Мы прожили полгода вместе. Переехали в другую гостинцу в роскошный номер, который стоил в сутки кучу денег. Рано утром он уезжал, возвращался поздно, мог вообще не приехать, но всегда звонил и предупреждал, чтобы я не волновалась… Он занимался инвестициями. А в один прекрасный момент я забеременела. Стеснялась сказать ему, боялась, что он меня бросит… Я тогда всего боялась. Да и сейчас боюсь. Так прошел месяц, другой, потом он уехал в другой город, звонил оттуда, а я сходила с ума, ревновала, думала, что он с другой. Доводила себя до истерики. А потом пошла и сделала аборт. В тот же вечер он вернулся… Я ему все рассказала и добавила, что я его ненавижу… Что он устроил мне жизнь, как в американском фильме «Красотка», который я тоже ненавижу. Говорила это зло, хотя истерики не было. Потому что весь запас слез к тому времени у меня иссяк. Я выгнала его. Он собрал вещи, спокойно, не отговаривая меня, сообщил, что номер оплачен на месяц вперед, оставил мне денег, поцеловал меня… Вернее, хотел.
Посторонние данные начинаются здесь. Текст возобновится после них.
(* For every $n\geq 2$ there exists a finitely generated subgroup $H\leqslant F_n\times F_n$ such that $\mathrm{Ord}_H(F_n\times F_n)=\mathbb{N}$. In particular, $F_n\times F_n$ does not have bounded subgroup spectra.
   Context: $F_n$ is the free group of rank $n$; $\mathbb{N}$ contains $0$. For a group $G$, a subset $S\subseteq G$ and $g\in G$, $\mathrm{Ord}_S(g)=\min\{k\geq 1: g^k\in S\}$ if such $k$ exists and $0$ otherwise; $\mathrm{Ord}_S(G)=\{\mathrm{Ord}_S(g):g\in G\}$. A group has bounded subgroup spectra if $\mathrm{Ord}_H(G)$ is bounded for every finitely generated $H\leqslant G$. *)

(* Concrete model of the free group F_n as freely reduced
   words over the alphabet 'I_n x bool (bool = "inverse letter"). *)
From mathcomp Require Import all_boot.
Set Implicit Arguments. Unset Strict Implicit. Unset Printing Implicit Defensive.

Section FreeGroup.
Variable n : nat.

(* a letter (i, false) is the generator x_i, (i, true) is x_i^{-1} *)
Definition letter := ('I_n * bool)%type.
Definition word := seq letter.

Definition linv (x : letter) : letter := (x.1, ~~ x.2).

Definition push (x : letter) (w : word) : word :=
  match w with
  | y :: w' => if y == linv x then w' else x :: w
  | [::] => [:: x]
  end.

Definition reduce (w : word) : word := foldr push [::] w.

Definition reduced (w : word) : bool := sorted (fun x y => y != linv x) w.

Definition fg_one : word := [::].
Definition fg_mul (u v : word) : word := reduce (u ++ v).
Definition fg_inv (u : word) : word := rev (map linv u).

End FreeGroup.

(* the direct product F_n x F_n; elements are pairs of words,
   canonically represented by pairs of reduced words *)
Definition FF (n : nat) := (word n * word n)%type.
Definition ff_one n : FF n := (fg_one n, fg_one n).
Definition ff_mul n (g h : FF n) : FF n := (fg_mul g.1 h.1, fg_mul g.2 h.2).
Definition ff_inv n (g : FF n) : FF n := (fg_inv g.1, fg_inv g.2).
Definition ff_red n (g : FF n) : FF n := (reduce g.1, reduce g.2).
Definition ff_pow n (g : FF n) (k : nat) : FF n :=
  iter k (ff_mul g) (ff_one n).

(* the subgroup <S> of F_n x F_n generated by the finite list S,
   as a set of canonical (reduced) representatives *)
Inductive gen_sub n (S : seq (FF n)) : FF n -> Prop :=
| gen_one : gen_sub S (ff_one n)
| gen_gen s : s \in S -> gen_sub S (ff_red s)
| gen_inv g : gen_sub S g -> gen_sub S (ff_inv g)
| gen_mul g h : gen_sub S g -> gen_sub S h -> gen_sub S (ff_mul g h).

Definition in_H n (S : seq (FF n)) (g : FF n) : Prop := gen_sub S (ff_red g).

(* Ord_H(g) = m, written out: m is the least k >= 1 with g^k in H,
   or m = 0 if no such k exists *)
Definition is_Ord n (S : seq (FF n)) (g : FF n) (m : nat) : Prop :=
  (0 < m /\ in_H S (ff_pow g m) /\ forall k, 0 < k < m -> ~ in_H S (ff_pow g k))
  \/ (m = 0 /\ forall k, 0 < k -> ~ in_H S (ff_pow g k)).

Definition Ord_spectrum_full n (S : seq (FF n)) : Prop :=
  forall m : nat, exists g : FF n, is_Ord S g m.

Definition bounded_subgroup_spectra_FF (n : nat) : Prop :=
  forall S : seq (FF n), exists B : nat,
    forall (g : FF n) (m : nat), is_Ord S g m -> m <= B.

(* H is generated by the diagonal of F_n x F_n and by pairs (r, r') encoding
   finitely many relations r = r', so (u, v) lies in H exactly when u = v in
   the finitely presented group Q = F_n / << r r'^-1 >>, and Ord_H((u, 1)) is
   the order of u in Q.  The relations force the conjugates t_j = s^(x0^j) of
   an element s of Q to satisfy the Coxeter relations of type A, so the
   Coxeter element t_0 ... t_(L-1) has order dividing L + 1.  Conversely Q acts
   on (Cantor space) x Z x Z, with x0, x1 acting through Thompson's generators
   and s through an involution exchanging two cones; there t_0 ... t_(L-1)
   moves 1^k 0^oo to 1^(k+1) 0^oo for 1 <= k <= L, so its order is exactly
   L + 1, while the free generator a shifts the last coordinate and has
   infinite order.  As only two free generators a, b are available, x0, x1, s
   are realised as commutators [b, a^-d b a^d] for d = 1, 3, 7; these move
   only the fibre over (0, 0) of Z x Z because {0, 1, 3, 7} is a Sidon set. *)

From HB Require Import structures.
From mathcomp Require Import all_boot ssralg ssrnum ssrint zify boolp.
Set Implicit Arguments. Unset Strict Implicit. Unset Printing Implicit Defensive.
Import GRing.Theory Num.Theory.
Local Open Scope quotient_scope.

Section FreeReduction.
Variable n : nat.
Implicit Types (x y : letter n) (u v w r : word n).

Lemma linvK : involutive (@linv n).
Proof. by case=> i b; rewrite /linv /= negbK. Qed.

Lemma push_linvK x w : reduced w -> push x (push (linv x) w) = w.
Proof.
case: w => [|y w] /= red_yw; first by rewrite eqxx.
case: ifP => [/eqP | _]; last by rewrite /= eqxx.
rewrite linvK => <-; case: w red_yw => [|z w] //= /andP[/negbTE ->] //.
Qed.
Наклонился, а я ударила его по щеке… Но он все же поцеловал и ушел. Покров безумия спал с меня утром, после того как я выспалась. Сначала все произошедшее вспоминалось мне как наваждение, как дурной сон, потом я увидела деньги на столе… Начала ему названивать, но номер уже не отвечал. Не отвечал потом никогда. Я бы покончила с собой. Но тогда бы мы точно с ним никогда не увиделись, а я надеялась на встречу, чтобы вымолить прощение. Я выехала из гостиницы, получила еще возврат аванса за проживание. Переехала в общежитие. Денег мне хватило почти до окончания учебы. А потом я вернулась сюда… И только теперь я поняла, что та любовь осталась там, в далеком моем глупом детстве, — любовь к нереальному и выдуманному. Я встретила тебя и поняла, что никого другого мне не надо.
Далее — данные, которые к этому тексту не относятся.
Lemma ray_in_S_le0 (a : 'rV[R]_n) (d : 'rV[R]_m) x :
  enorm a <= enorm d -> dotv a lam + dotv d beta <= 0 ->
  dotv d e <= - enorm (perp beta d) ->
  exists T, forall t, T <= t -> S_le0 a d (ray x t).
Proof.
move=> ad Gbeta de.
set A := enorm (perp lam a); set B := enorm (perp beta d).
set r := enorm (perp lam x); set s := - (dotv a lam + dotv d beta).
have r0 : 0 <= r := enorm_ge0 _.
have B0 : 0 <= B := enorm_ge0 _.
have lin t : dotv a (ray x t).1 + dotv d (ray x t).2
             <= r * A - (t + dotv lam x) * s - r * B.
  have ax : dotv a x - dotv lam x * dotv a lam <= A * r.
    by have := dotv_orth_le a (dotv_perp lam1 x); rewrite {1}/perp dotvBr dotvZr.
  have rde : r * dotv d e <= r * - B := ler_wpM2l r0 de.
  rewrite /= !dotvE /s -/r; nra.
have cone t : enorm (ray x t).1 <= enorm (ray x t).2 by rewrite ler_enorm ray_on_cone.
have s_ge0 : 0 <= s by rewrite oppr_ge0.
have [s0|s_neq0] := eqVneq s 0.
- exists 0 => t _; split => //; apply: le_trans (lin t) _.
  have AB : A <= B.
    rewrite ler_enorm !dotvv_perp // (dotvC lam a) (dotvC beta d).
    have -> : dotv a lam = - dotv d beta by rewrite /s in s0; lra.
    by rewrite sqrrN lerD2r -ler_enorm.
  by rewrite s0 mulr0 subr0 subr_le0 ler_wpM2l.
- have s_gt0 : 0 < s by rewrite lt_def s_neq0.
  exists (r * A / s - dotv lam x) => t tT; split => //; apply: le_trans (lin t) _.
  have : r * A <= (t + dotv lam x) * s by rewrite -ler_pdivrMr // -lerBlDr.
  have := mulr_ge0 r0 B0; lra.
Qed.

End Ray.

Theorem proposition1 (R : realType) (n m : nat) (hn : (1 <= n)%N) (hm : (1 < m)%N)
  (a : 'rV[R]_n) (d : 'rV[R]_m) (had : enorm a <= enorm d)
  (lam : 'rV[R]_n) (hlam : enorm lam = 1)
  (hCG : exists z : 'rV[R]_n * 'rV[R]_m, C_G a lam d z)
  (C : 'rV[R]_n * 'rV[R]_m -> Prop)
  (hC : S_free (S_le0 a d) C)
  (hsub : forall z, C_lam lam z -> C z) :
  forall z, C z -> C_G a lam d z.
Proof.
move=> z Cz beta [hbeta Gbeta]; rewrite leNgt; apply/negP => delta_gt0.
have lam1 : dotv lam lam = 1 by rewrite -sqr_enorm hlam expr1n.
have beta1 : dotv beta beta = 1 by rewrite -sqr_enorm hbeta expr1n.
have [e [beta_e e1 de]] := exists_unit_orthogonal_below d hm beta1.
have [T rayS] := ray_in_S_le0 lam1 beta1 beta_e e1 z.1 had Gbeta de.
pose g := (ray lam beta e z.1 0).2 - z.2.
have beta_g : dotv beta g < 0 by rewrite /g /= !dotvE beta1 beta_e; lra.
have [T' far] := enormZD_lt_eventually beta1 beta_g.
pose M := Num.max T T'.
have interior_v : interior_e C (M *: lam, M *: beta + g).
  apply: sub_interior_e hsub _ (interior_C_lam hlam _) => /=.
  by rewrite dotvZr lam1 mulr1 far // le_max lexx orbT.
have half : 1 - 2^-1 = 2^-1 :> R by lra.
have midpoint : (2^-1 *: (M *: lam) + (1 - 2^-1) *: z.1,
                 2^-1 *: (M *: beta + g) + (1 - 2^-1) *: z.2)
    = (2^-1 *: (ray lam beta e z.1 M).1, 2^-1 *: (ray lam beta e z.1 M).2).
  congr pair; rewrite half -scalerDr; congr (_ *: _); first by rewrite addrC.
  by rewrite /g -addrA subrK /= add0r scalerDl addrA.
apply: hC.2 (convex_interior_e (t := 2^-1) hC.1 Cz interior_v _ _) _; [lra | lra |].
by rewrite midpoint; apply: S_le0Z; [lra | apply: rayS; rewrite le_max lexx].
Qed.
— Я тоже тебя люблю, — сказал Павел. — И у меня никого нет. Моя жена погибла.
Глава семнадцатая
Утром Павел пошел к Ашимову и на подходе к Боровой улице увидел выходящую из ворот Лидию Степановну Друян. Она посмотрела на Кудеярова и остановилась, очевидно, решив дождаться, когда он приблизится. А когда он подошел и поздоровался, она кивнула:
— Вы же были у нас участковым, насколько я помню, молодой человек. Теперь опять к нам направили?
— Я приехал помочь в расследовании убийства Карины.
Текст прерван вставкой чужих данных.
Lemma dilation_unique_root {g : {poly C}} {alpha u : C} :
  (forall x y, absv x < absv alpha -> absv y < absv alpha ->
     absv (g.[x] - g.[y]) = absv (x - y) * absv u) ->
  absv g.[0] < absv alpha * absv u ->
  exists! x, absv x < absv alpha /\ root g x.
Proof.
move=> dil g0_lt.
have alpha_u : 0 < absv alpha * absv u := le_lt_trans (absv_ge0 hA _) g0_lt.
have u_neq0 : u != 0 by apply: contraTneq alpha_u => ->; rewrite (absv0 hA) mulr0 ltxx.
have alpha_neq0 : alpha != 0 by apply: contraTneq alpha_u => ->; rewrite (absv0 hA) mul0r ltxx.
have [u_gt0 alpha_gt0] : 0 < absv u /\ 0 < absv alpha by rewrite !(absv_gt0 hA).
have disk0 : absv (0 : C) < absv alpha by rewrite (absv0 hA).
suff [x [hx gx]] : exists x, absv x < absv alpha /\ root g x.
  exists x; split=> // y [hy gy]; apply/eqP; rewrite -subr_eq0; apply/eqP/(absv_eq0 hA).
  have /eqP := dil x y hx hy; rewrite (rootP gx) (rootP gy) subrr (absv0 hA) eq_sym.
  by rewrite mulf_eq0 (gt_eqF u_gt0) orbF => /eqP.
apply: contrapT => rootless.
have far b : root g b -> absv alpha <= absv b.
  by move=> gb; rewrite leNgt; apply/negP => hb; apply: rootless; exists b.
have g0_gt0 : 0 < absv g.[0].
  by rewrite (absv_gt0 hA); apply/negP => /eqP g0; apply: rootless; exists 0; rewrite rootE g0.
(* |x| is the geometric mean of |alpha| and |g.[0]| / |u|, which lies strictly between them. *)
have [x x2] := closed_field_sqrt (alpha * g.[0] / u).
have hx2 : absv x ^+ 2 * absv u = absv alpha * absv g.[0].
  by rewrite -(absvX hA) -!(absvM hA) x2 mulfVK.
have hx : absv x < absv alpha.
  rewrite ltNge; apply/negP => hle.
  have : absv alpha ^+ 2 * absv u <= absv x ^+ 2 * absv u.
    by rewrite ler_wpM2r ?(ltW u_gt0) // !expr2 ler_pM ?(absv_ge0 hA).
  have : absv alpha * absv g.[0] < absv alpha ^+ 2 * absv u.
    by rewrite expr2 -mulrA ltr_pM2l.
  lra.
have : absv x * absv u <= absv g.[0].
  have := dil x 0 hx disk0; rewrite subr0 => <-; apply: (absvD_le hA).
    by rewrite (absv_horner_rootless_disk far hx disk0).
  by rewrite (absvN hA).
have := absv_ge0 hA x; nra.
Qed.

Lemma simple_root0_factor_far (F : {poly C}) (s : seq C) (rho : R) :
  F \is monic -> mup 0 F = 1%N -> uniq s ->
  (forall x, x \in s <-> root F x /\ absv x < 1) -> 0 <= rho <= 1 ->
  (forall x, x \in s -> x != 0 -> rho <= absv x) ->
  exists l, [/\ forall x, F.[x] = x * \prod_(z <- l) (x - z),
                forall z, z \in l -> rho <= absv z &
                rho ^+ (\sum_(x <- s) mup x F) <= rho * \prod_(z <- l) absv z].
Proof.
move=> /monicP F_monic F0 s_uniq hs /andP[rho0 rho1] near.
have [rs hrs] := closed_field_poly_normal F; rewrite F_monic scale1r in hrs.
have cnt0 : count_mem 0 rs = 1%N by rewrite -mu_prod_XsubC -hrs.
have rs0 : 0 \in rs by rewrite -has_pred1 has_count cnt0.
set l := rem 0 rs.
have hF : F = \prod_(z <- 0 :: l) ('X - z%:P) by rewrite hrs (perm_big _ (perm_to_rem rs0)).
have l0 : 0 \notin l by apply/count_memPn; rewrite count_mem_rem cnt0 eqxx.
have root_l z : z \in l -> root F z by move=> zl; rewrite hF root_prod_XsubC inE zl orbT.
have far z : z \in l -> rho <= absv z.
  move=> zl; have z0 : z != 0 by apply: contraNneq l0 => <-.
  case: (ltP (absv z) 1) => [z1|]; last exact: le_trans rho1.
  by apply: near => //; apply/hs; split=> //; apply: root_l.
exists l; split=> //.
  move=> x; rewrite hF horner_prod big_cons hornerXsubC subr0.
  by under eq_bigr do rewrite hornerXsubC.
have -> : (\sum_(x <- s) mup x F)%N = (count (fun z => absv z < 1) l).+1.
  rewrite (eq_bigr (fun x => count_mem x (0 :: l))) => [|x _]; last first.
    by rewrite hF mu_prod_XsubC.
  have s0 : 0 \in s by apply/hs; rewrite hF root_prod_XsubC mem_head (absv0 hA) ltr01.
  rewrite sum_count_mem_uniq //= s0 add1n; congr _.+1; apply: eq_in_count => z zl /=.
  by apply/idP/idP => [/hs[]//|z1]; apply/hs; split=> //; apply: root_l.
rewrite exprS ler_wpM2l //; apply: (prod_ge_expr_count _ _ _ _ far).
by rewrite rho0 rho1.
Qed.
— Кого? — переспросила Лидия Степановна. — Ах да, этой несчастной, что прямо тут и убили. Жалко, конечно, глупенькую, но ведь надо и вести себя пристойно. Тогда жила бы долго. А так… Это, как бы помягче… В общем, как вы сказали? Сорокина? Так она была потаскушка, весь город про нее знает.
Кудеяров удивился тому, как Лидия Степановна притворяется, будто не может вспомнить фамилию Карины.
— Она, кажется, училась в одном классе с вашей дочерью?
— Вы уверены? Не помню такого факта. Наверняка у нее была тогда другая фамилия. Молодой человек, ведь вы направляетесь к Ашимовым? Вот и я туда же — так что позвольте взять вас под руку.
Она ухватила Павла за локоть и пошла, осторожно ступая и выбирая место, куда поставить ногу.
— Я не злая, просто считаю, что каждому воздается по делам его. Вот и соседи — адвокат и священнослужитель — подтвердят истинность моих слов.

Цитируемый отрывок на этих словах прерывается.